** Task input follows **

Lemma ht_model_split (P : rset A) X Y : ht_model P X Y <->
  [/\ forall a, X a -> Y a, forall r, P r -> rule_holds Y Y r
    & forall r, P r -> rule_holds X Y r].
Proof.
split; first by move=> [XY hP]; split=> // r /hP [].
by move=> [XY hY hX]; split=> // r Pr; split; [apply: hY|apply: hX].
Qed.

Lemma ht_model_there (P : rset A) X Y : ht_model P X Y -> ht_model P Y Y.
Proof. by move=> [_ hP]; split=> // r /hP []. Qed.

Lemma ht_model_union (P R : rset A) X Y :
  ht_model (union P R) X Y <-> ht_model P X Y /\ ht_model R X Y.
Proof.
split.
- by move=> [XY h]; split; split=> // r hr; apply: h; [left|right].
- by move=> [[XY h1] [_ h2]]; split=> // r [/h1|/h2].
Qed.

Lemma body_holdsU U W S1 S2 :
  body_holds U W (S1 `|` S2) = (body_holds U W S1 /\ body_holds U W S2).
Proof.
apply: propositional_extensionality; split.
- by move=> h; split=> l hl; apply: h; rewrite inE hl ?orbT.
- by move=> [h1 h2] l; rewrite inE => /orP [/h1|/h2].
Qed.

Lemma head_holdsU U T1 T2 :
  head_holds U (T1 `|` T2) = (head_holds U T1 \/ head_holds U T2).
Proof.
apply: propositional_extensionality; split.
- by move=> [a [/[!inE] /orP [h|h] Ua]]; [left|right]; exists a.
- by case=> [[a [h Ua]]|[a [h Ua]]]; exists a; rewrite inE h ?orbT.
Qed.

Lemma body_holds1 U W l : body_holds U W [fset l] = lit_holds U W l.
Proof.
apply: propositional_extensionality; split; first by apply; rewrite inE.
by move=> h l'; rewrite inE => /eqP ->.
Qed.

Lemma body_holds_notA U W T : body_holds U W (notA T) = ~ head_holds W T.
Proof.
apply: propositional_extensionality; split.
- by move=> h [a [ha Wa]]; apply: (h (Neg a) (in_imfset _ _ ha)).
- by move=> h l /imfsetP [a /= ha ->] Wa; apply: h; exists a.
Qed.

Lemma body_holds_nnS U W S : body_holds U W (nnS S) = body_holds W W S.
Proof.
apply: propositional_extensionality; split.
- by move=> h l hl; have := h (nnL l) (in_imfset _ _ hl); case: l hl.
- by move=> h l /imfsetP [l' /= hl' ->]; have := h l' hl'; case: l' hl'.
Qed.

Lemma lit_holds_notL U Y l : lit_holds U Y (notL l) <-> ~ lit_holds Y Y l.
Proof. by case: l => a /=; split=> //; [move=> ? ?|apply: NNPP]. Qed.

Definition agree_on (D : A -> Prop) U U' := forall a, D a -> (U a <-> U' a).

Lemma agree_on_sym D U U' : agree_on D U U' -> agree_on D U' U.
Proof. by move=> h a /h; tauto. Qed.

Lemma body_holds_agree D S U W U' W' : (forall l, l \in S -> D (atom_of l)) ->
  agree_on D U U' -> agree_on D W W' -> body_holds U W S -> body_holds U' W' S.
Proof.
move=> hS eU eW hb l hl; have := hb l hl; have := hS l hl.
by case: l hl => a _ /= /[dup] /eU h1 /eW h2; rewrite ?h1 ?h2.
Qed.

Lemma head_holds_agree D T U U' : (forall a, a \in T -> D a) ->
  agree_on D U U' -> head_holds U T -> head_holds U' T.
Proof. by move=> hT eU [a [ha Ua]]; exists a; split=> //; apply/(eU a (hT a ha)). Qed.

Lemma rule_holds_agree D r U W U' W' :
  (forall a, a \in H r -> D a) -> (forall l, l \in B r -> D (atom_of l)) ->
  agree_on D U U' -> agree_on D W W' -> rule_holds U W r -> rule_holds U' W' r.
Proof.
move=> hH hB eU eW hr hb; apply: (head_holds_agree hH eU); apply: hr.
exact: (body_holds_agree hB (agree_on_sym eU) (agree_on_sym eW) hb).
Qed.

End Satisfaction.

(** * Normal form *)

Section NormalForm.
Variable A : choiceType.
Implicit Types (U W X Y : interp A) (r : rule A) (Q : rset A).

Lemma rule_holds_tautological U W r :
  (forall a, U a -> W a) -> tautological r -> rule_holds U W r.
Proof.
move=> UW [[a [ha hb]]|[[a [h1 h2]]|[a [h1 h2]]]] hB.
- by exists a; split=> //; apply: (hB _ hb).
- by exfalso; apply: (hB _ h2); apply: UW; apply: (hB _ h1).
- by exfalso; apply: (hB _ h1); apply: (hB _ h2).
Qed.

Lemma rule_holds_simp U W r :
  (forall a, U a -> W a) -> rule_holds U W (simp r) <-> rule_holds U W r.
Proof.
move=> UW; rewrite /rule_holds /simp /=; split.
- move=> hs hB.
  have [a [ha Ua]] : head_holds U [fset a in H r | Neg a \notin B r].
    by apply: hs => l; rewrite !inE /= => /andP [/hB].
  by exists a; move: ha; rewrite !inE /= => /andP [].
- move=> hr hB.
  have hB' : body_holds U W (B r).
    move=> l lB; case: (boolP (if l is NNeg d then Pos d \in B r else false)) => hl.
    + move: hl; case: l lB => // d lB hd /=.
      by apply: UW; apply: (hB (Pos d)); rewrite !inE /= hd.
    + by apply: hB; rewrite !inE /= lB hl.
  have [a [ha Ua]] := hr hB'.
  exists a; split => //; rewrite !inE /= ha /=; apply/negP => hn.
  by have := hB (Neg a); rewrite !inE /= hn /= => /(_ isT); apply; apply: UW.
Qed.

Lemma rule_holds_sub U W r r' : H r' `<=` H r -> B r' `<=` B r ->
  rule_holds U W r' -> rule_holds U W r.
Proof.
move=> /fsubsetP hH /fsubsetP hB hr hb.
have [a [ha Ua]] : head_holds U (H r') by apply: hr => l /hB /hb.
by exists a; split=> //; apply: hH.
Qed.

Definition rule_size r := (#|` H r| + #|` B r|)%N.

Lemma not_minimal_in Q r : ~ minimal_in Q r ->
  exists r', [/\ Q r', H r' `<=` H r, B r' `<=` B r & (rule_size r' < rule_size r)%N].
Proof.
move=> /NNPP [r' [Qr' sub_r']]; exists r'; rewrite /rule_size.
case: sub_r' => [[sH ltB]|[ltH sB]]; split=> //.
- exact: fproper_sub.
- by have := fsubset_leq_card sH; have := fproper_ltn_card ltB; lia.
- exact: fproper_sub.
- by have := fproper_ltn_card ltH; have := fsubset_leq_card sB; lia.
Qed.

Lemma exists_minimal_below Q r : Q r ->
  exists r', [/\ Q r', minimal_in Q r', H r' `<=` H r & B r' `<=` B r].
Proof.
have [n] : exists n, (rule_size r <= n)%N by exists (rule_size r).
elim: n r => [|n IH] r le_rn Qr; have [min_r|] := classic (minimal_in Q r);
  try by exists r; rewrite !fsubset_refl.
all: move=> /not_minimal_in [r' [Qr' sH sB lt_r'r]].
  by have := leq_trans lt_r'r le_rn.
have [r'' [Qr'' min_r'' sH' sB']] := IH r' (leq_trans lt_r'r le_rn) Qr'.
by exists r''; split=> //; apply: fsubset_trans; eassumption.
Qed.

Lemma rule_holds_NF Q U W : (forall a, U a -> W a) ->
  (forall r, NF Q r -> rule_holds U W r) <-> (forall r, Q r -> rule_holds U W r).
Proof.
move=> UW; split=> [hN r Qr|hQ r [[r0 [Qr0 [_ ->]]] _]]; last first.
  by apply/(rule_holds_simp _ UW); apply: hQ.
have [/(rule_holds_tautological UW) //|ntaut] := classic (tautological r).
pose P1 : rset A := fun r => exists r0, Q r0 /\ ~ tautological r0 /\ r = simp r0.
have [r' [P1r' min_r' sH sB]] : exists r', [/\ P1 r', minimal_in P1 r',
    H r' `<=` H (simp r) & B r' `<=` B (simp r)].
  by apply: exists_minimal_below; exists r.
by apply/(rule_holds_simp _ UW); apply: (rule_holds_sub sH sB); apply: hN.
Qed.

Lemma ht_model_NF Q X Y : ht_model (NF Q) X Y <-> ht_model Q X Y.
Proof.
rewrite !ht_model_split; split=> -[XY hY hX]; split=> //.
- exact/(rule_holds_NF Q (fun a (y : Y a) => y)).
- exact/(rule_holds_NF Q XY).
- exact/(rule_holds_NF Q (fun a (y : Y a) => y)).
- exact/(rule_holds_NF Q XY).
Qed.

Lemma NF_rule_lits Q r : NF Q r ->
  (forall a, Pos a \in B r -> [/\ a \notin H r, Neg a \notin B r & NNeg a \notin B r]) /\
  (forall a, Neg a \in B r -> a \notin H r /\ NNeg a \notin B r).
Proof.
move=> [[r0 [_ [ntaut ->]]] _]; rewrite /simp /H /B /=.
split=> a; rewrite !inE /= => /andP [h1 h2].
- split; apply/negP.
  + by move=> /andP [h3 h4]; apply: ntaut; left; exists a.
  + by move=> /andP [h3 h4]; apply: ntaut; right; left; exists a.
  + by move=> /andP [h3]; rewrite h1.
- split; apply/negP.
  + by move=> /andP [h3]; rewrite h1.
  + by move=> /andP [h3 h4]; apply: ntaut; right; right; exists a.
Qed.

** End of Task input **

## Your goal:
Above are the records; from them, give again exactly the lines from the one containing "Lemma rule_holds_NF Q" to the one containing "Lemma NF_rule_lits Q r : NF Q r ->", both lines included, and nothing more.

## Answer to the problem:
Lemma rule_holds_NF Q U W : (forall a, U a -> W a) ->
  (forall r, NF Q r -> rule_holds U W r) <-> (forall r, Q r -> rule_holds U W r).
Proof.
move=> UW; split=> [hN r Qr|hQ r [[r0 [Qr0 [_ ->]]] _]]; last first.
  by apply/(rule_holds_simp _ UW); apply: hQ.
have [/(rule_holds_tautological UW) //|ntaut] := classic (tautological r).
pose P1 : rset A := fun r => exists r0, Q r0 /\ ~ tautological r0 /\ r = simp r0.
have [r' [P1r' min_r' sH sB]] : exists r', [/\ P1 r', minimal_in P1 r',
    H r' `<=` H (simp r) & B r' `<=` B (simp r)].
  by apply: exists_minimal_below; exists r.
by apply/(rule_holds_simp _ UW); apply: (rule_holds_sub sH sB); apply: hN.
Qed.

Lemma ht_model_NF Q X Y : ht_model (NF Q) X Y <-> ht_model Q X Y.
Proof.
rewrite !ht_model_split; split=> -[XY hY hX]; split=> //.
- exact/(rule_holds_NF Q (fun a (y : Y a) => y)).
- exact/(rule_holds_NF Q XY).
- exact/(rule_holds_NF Q (fun a (y : Y a) => y)).
- exact/(rule_holds_NF Q XY).
Qed.

Lemma NF_rule_lits Q r : NF Q r ->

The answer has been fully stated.